Background & aims: Patients with Budd-Chiari syndrome can present with acute, subacute, or chronic disease; the definitions and significance of these variants have been disputed. An increased level of serum alanine aminotransferase (ALT) is an objective marker for acute liver injury. We analyzed the significance of changes in ALT levels in Budd-Chiari syndrome patients.
Methods: We performed a retrospective analysis of data from 96 consecutive Budd-Chiari syndrome patients.

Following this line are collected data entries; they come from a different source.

Lemma E_perm_sum_sqnorm_prefix_le :
  E_perm (fun s : 'S_n => \sum_(j < n) sqnorm (\sum_(t < n | (t < j)%N) b (s t)))
  <= N * Ss + (N + 2) / 4 * Sv.
Proof.
have N_ge2 : 2 <= N by rewrite (ler_nat R 2).
have Sv_ge0 : 0 <= Sv by apply: sumr_ge0 => i _; apply: sqnorm_ge0.
have Ss_ge0 := sqnorm_ge0 (\sum_i b i).
have E_prefix_le (j : 'I_n) :
    E_perm (fun s : 'S_n => sqnorm (\sum_(t < n | (t < j)%N) b (s t)))
    <= Ss + (N + 2) / (4 * N) * Sv.
  have nn1_gt0 : 0 < N * (N - 1) by rewrite (lt_le_trans _ (nn1_ge2 R n_gt1)).
  rewrite -(ler_pM2r nn1_gt0) E_perm_sqnorm_prefix; last exact: ltnW.
  have -> : (Ss + (N + 2) / (4 * N) * Sv) * (N * (N - 1)) =
      N * (N - 1) * Ss + (N + 2) * (N - 1) / 4 * Sv by field; lra.
  have j_le : (j%:R : R) <= N - 1 by rewrite lerBrDr natr1 ler_nat.
  have j_ge0 : (0 : R) <= j%:R by [].
  apply: lerD; apply: ler_wpM2r => //.
    have : 0 <= (N - j%:R) * (N + j%:R - 1) by rewrite mulr_ge0 //; lra.
    lra.
  (* (N + 2) (N - 1) - 4 j (N - j) = (N - 2 j)^2 + N - 2 *)
  have := sqr_ge0 (N - 2 * j%:R).
  lra.
have -> : N * Ss + (N + 2) / 4 * Sv = \sum_(j < n) (Ss + (N + 2) / (4 * N) * Sv).
  by rewrite sumr_const card_ord -[(_ + _) *+ n]mulr_natl; field; lra.
by rewrite E_perm_sum; apply: ler_sum => j _; apply: E_prefix_le.
Qed.

End SamplingWithoutReplacement.

Section Epoch.
Variables (R : rcfType) (d n : nat) (F : 'I_n -> 'rV[R]_d -> 'rV[R]_d) (M g1 g2 : R).
Hypothesis n_gt1 : (1 < n)%N.
Hypothesis M_ge0 : 0 <= M.
Hypothesis F_lip : forall i x y, sqnorm (F i x - F i y) <= M * sqnorm (x - y).
(* With M = Lmax^2 these are the squared step-size conditions of the theorem. *)
Hypothesis g1_small : 18 * g1 ^+ 2 * M * (n%:R * (n%:R - 1)) <= 1.
Hypothesis g2_small : g2 ^+ 2 * M * (n%:R * (n%:R - 1)) <= 1.
Local Notation N := (n%:R : R).

Lemma op_at_ord (s : 'S_n) (t : 'I_n) x : op_at F s t x = F (s t) x.
Proof. by rewrite /op_at valK. Qed.

Section Deterministic.
Variables (s : 'S_n) (z0 : 'rV[R]_d).
Local Notation z := (seg_rr F g1 g2 s z0).
Local Notation err t :=
  (op_at F s t (z t - g2 *: op_at F s t (z t)) - op_at F s t z0).
Local Notation prefix j := (\sum_(t < n | (t < j)%N) F (s t) z0).

Lemma seg_rr_sub j : (j <= n)%N ->
  z j - z0 = - g1 *: (\sum_(t < j) err t + prefix j).
Proof.
move=> le_jn; under [X in _ *: (_ + X)]eq_bigr do rewrite -op_at_ord.
rewrite -(big_ord_widen n (fun t => op_at F s t z0) le_jn).
rewrite -big_split /=; under eq_bigr do rewrite subrK.
elim: j le_jn => [|j IHj] lt_jn; first by rewrite big_ord0 scaler0 subrr.
rewrite big_ord_recr /= scalerDr -IHj; last exact: ltnW.
by rewrite scaleNr addrAC.
Qed.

Results: A threshold peak ALT level that was 5-fold the upper limit of normal distinguished 2 groups of patients: patients with high levels of ALT (40% of patients) presented with more severe liver disease, less frequent liver fibrosis, and more frequent liver cell necrosis, compared with those with ALT levels below this threshold. Patients with levels of ALT that started out high but slowly declined (<50% of starting concentration within 3 days) had significantly lower odds of survival than those with a rapid decline and those with low levels of ALT (40 months transplantation-free survival, 31%, 63%, and 71%, respectively). When ALT level and the velocity of its decline are used as criterion, these data add significant prognostic information to Child-Pugh, to Clichy, and to Rotterdam Budd-Chiari syndrome scores.
Conclusions: Determination of ALT levels at patient presentation allows 2 variants of Budd-Chiari syndrome to be distinguished. High levels of ALT reflect acute, severe, but potentially reversible, ischemic liver cell necrosis. High levels of ALT that decrease slowly predict a poor outcome for patients and might justify rapid aggressive management.